▸ TASK REQUIREMENTS
Every line that holds the word "OITransformations" needs to be copied from the data below.

(Saved data entries)
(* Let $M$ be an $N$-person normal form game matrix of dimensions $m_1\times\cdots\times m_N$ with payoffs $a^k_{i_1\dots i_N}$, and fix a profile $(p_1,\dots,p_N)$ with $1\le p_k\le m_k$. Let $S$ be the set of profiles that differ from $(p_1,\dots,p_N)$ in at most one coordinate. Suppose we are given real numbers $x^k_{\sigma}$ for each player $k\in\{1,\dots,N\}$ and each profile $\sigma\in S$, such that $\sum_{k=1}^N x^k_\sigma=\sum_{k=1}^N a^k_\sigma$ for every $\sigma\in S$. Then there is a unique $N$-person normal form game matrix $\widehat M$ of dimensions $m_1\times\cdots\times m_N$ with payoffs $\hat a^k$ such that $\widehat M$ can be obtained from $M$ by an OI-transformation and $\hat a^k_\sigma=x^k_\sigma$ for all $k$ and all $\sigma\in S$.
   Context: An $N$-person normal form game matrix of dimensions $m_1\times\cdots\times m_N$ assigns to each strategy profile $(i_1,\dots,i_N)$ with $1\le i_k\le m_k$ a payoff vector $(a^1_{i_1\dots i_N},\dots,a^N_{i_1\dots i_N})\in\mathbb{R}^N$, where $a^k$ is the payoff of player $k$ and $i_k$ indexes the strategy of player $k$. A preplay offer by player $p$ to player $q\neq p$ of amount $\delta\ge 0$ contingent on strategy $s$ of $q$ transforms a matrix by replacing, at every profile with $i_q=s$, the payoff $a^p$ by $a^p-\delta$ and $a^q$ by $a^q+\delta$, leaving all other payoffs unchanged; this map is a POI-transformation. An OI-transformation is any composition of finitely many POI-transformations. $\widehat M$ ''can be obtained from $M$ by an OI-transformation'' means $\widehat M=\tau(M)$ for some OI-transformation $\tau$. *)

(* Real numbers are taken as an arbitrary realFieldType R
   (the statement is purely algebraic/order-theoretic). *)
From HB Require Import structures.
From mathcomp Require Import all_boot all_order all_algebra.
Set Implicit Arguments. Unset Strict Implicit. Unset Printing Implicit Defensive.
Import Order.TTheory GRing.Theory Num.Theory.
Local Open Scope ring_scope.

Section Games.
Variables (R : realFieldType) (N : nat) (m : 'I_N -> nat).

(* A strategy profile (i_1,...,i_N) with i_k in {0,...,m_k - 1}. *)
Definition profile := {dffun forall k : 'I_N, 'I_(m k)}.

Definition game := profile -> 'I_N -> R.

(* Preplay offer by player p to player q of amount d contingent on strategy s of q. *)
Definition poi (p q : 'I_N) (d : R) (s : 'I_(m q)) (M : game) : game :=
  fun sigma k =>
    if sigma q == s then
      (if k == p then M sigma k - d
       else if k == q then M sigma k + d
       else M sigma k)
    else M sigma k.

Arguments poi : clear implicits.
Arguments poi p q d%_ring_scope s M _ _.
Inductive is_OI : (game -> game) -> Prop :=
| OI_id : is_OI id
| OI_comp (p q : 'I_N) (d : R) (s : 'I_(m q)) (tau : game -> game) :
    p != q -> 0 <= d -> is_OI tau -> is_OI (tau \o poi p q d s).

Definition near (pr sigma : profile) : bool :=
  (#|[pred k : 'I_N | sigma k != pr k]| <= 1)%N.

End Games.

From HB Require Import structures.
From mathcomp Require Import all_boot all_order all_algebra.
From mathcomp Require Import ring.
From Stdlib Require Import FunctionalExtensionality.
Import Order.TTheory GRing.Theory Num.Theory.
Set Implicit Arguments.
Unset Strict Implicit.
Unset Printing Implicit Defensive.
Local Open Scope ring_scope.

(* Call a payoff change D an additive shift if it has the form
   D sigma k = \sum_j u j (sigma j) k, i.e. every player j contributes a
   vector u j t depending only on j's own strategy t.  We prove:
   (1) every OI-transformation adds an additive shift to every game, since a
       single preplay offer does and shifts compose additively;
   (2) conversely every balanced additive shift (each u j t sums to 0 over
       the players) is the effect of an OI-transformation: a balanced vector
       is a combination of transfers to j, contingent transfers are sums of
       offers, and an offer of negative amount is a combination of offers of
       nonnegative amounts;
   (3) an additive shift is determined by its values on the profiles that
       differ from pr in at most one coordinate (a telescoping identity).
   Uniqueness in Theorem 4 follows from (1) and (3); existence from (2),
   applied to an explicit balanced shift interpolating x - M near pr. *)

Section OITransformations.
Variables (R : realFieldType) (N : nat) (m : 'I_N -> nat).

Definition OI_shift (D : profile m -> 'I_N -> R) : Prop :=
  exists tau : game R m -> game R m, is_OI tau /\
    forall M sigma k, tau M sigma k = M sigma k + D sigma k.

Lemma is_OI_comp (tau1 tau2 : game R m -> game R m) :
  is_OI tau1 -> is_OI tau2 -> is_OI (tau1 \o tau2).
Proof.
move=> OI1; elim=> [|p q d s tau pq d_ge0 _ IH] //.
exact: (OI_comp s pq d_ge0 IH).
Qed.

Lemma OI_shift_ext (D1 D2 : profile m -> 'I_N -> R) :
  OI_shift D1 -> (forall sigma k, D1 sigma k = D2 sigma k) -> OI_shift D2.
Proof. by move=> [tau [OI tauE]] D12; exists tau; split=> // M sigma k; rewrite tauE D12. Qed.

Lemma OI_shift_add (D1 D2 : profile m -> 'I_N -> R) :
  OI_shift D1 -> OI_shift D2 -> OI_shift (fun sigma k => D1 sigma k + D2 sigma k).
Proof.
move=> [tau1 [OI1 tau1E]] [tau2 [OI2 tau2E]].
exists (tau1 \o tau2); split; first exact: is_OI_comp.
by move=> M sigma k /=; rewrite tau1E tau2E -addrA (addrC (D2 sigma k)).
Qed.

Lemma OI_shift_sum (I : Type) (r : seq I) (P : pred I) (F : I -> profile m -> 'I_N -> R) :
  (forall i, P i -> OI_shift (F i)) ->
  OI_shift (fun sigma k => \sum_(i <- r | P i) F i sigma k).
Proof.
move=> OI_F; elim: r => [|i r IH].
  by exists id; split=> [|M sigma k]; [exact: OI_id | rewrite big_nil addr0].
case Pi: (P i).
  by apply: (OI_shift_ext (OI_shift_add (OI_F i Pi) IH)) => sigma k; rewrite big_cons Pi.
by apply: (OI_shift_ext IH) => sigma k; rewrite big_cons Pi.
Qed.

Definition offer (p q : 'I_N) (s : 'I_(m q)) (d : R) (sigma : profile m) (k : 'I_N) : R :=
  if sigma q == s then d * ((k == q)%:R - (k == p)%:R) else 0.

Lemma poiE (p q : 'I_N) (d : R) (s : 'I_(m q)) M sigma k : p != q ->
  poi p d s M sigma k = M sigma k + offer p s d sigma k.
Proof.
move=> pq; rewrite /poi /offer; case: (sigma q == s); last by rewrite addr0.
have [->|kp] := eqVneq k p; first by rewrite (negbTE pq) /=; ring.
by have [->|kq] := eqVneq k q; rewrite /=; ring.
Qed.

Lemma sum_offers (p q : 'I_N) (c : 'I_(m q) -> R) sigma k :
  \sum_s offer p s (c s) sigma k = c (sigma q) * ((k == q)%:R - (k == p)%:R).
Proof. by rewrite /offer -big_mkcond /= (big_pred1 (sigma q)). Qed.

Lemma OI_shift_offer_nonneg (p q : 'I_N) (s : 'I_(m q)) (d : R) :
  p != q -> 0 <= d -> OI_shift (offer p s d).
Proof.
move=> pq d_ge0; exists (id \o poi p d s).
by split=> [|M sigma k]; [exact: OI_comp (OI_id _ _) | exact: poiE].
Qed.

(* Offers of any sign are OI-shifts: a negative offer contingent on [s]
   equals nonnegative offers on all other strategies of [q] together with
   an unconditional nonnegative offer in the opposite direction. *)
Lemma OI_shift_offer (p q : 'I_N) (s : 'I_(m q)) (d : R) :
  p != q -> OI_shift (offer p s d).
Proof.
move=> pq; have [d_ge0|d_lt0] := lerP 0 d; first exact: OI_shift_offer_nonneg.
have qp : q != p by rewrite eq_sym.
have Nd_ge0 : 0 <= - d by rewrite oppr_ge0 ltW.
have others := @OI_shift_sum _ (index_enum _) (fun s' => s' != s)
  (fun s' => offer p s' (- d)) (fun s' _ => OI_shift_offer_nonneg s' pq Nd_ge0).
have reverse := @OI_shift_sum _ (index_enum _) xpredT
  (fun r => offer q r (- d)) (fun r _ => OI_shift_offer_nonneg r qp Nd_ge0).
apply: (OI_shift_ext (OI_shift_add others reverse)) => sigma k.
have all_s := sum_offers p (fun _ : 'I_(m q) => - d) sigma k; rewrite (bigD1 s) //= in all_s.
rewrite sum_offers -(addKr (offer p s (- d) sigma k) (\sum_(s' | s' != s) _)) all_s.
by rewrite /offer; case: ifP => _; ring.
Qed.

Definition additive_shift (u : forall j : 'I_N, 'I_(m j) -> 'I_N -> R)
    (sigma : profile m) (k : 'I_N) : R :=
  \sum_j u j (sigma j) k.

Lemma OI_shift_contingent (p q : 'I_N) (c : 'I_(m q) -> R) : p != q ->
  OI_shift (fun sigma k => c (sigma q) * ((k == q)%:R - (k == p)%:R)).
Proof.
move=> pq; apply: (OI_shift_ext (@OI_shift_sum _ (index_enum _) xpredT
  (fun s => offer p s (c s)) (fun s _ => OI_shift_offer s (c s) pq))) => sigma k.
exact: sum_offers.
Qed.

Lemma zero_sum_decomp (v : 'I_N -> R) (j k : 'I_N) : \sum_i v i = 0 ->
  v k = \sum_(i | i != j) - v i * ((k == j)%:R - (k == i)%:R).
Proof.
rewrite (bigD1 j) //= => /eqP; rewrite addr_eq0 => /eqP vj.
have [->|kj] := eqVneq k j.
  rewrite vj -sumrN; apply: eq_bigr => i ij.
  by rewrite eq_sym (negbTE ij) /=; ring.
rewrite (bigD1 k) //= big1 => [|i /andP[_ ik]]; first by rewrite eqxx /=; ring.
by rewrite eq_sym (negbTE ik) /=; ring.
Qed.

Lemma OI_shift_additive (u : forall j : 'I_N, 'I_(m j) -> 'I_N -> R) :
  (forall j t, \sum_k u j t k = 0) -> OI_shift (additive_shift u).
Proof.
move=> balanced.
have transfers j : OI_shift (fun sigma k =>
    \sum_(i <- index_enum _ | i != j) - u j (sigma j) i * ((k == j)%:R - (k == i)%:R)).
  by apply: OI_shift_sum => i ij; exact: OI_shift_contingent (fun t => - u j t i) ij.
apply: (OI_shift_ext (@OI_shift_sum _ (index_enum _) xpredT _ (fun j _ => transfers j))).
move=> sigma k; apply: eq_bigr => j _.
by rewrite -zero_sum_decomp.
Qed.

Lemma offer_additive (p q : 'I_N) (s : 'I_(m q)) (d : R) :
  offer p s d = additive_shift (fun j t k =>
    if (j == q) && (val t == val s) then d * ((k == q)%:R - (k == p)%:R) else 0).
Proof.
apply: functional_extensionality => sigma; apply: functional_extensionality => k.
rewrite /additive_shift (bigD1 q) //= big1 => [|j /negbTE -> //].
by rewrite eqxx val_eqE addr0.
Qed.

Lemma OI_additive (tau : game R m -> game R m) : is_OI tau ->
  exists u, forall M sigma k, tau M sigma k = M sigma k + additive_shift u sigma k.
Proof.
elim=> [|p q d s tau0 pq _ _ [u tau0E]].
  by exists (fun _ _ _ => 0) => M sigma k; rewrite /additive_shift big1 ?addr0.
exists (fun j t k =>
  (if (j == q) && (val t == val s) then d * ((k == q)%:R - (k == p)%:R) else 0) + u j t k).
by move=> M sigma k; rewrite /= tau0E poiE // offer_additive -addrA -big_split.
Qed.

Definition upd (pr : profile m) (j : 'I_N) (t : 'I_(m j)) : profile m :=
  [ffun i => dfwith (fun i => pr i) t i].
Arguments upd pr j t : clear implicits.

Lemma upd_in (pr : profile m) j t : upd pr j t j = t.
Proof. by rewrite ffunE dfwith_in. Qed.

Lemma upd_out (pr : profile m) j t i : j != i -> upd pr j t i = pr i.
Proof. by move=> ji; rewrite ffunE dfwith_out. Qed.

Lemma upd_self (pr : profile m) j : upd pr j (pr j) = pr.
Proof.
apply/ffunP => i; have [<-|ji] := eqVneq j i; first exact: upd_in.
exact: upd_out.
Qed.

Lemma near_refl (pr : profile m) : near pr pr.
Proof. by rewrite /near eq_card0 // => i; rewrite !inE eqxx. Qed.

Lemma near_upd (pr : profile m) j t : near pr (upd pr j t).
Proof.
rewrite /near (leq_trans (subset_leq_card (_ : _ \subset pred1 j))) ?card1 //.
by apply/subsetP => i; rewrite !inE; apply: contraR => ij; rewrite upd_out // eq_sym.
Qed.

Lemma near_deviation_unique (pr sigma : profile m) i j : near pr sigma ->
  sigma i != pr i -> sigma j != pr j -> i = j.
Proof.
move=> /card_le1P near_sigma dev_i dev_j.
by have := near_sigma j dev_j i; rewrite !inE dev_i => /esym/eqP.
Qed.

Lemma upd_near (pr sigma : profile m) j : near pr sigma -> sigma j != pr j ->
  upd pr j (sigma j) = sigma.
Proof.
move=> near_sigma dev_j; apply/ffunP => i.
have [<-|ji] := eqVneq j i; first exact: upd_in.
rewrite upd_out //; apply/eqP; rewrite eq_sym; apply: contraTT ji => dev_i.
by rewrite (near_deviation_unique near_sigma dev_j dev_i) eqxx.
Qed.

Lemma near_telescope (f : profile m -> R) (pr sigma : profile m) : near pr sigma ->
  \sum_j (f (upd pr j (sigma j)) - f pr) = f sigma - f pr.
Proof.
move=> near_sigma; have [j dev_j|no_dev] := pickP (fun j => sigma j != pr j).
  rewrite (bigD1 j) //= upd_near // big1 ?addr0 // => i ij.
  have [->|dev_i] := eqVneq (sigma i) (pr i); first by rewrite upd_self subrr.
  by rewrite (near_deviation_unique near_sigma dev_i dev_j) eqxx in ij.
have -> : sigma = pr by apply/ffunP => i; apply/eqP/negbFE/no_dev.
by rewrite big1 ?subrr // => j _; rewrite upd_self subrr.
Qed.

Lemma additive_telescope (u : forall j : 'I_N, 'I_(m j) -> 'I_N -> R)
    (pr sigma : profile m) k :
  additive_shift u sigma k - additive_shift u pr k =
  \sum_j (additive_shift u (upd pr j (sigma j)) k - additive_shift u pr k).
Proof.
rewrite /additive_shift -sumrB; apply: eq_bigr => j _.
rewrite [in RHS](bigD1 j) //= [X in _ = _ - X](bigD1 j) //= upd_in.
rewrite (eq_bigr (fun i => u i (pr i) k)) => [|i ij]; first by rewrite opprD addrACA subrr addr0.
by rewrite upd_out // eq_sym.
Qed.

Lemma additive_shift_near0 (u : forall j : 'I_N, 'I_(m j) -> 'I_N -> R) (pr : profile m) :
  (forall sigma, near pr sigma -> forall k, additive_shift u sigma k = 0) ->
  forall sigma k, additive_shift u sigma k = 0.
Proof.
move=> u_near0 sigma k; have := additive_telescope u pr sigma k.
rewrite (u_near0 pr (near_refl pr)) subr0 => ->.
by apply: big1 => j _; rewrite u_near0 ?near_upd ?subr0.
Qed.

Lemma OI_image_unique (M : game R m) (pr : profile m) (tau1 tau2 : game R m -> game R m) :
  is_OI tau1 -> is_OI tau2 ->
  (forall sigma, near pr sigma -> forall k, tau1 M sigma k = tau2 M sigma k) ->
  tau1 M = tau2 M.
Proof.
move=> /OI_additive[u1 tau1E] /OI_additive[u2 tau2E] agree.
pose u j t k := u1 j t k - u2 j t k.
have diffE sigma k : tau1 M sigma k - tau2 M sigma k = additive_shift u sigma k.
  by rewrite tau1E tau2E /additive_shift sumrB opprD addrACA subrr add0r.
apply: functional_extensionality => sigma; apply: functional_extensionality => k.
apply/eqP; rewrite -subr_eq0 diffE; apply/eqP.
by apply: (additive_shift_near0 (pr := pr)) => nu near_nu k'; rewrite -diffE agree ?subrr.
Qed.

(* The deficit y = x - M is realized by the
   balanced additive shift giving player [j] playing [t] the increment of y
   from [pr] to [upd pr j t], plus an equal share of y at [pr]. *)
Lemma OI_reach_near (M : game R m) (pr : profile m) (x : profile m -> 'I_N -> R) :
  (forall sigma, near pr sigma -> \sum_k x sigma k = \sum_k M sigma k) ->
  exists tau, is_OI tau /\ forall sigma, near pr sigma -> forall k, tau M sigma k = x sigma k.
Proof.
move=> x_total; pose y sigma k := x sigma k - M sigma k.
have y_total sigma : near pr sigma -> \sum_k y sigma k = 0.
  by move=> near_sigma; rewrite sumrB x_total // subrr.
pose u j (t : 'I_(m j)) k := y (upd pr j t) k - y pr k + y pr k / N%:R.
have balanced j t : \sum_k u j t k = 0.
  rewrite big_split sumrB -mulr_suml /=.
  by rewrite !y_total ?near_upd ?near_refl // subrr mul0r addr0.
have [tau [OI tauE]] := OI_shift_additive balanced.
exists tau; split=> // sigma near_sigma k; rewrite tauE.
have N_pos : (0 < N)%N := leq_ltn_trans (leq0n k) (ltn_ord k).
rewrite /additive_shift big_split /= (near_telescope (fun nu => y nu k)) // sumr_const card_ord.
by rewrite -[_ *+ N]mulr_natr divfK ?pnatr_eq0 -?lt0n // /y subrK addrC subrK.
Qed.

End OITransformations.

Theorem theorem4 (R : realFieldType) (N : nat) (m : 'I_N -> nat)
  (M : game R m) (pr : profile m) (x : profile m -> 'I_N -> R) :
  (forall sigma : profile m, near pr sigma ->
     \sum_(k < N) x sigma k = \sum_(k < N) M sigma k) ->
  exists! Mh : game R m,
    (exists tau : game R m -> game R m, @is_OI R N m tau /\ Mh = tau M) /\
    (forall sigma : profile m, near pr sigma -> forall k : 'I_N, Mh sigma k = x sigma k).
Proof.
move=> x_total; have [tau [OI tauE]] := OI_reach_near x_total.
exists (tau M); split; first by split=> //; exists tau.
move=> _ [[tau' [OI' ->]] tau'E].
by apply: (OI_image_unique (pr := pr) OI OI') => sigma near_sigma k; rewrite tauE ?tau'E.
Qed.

▸ SOLUTION
Section OITransformations.
End OITransformations.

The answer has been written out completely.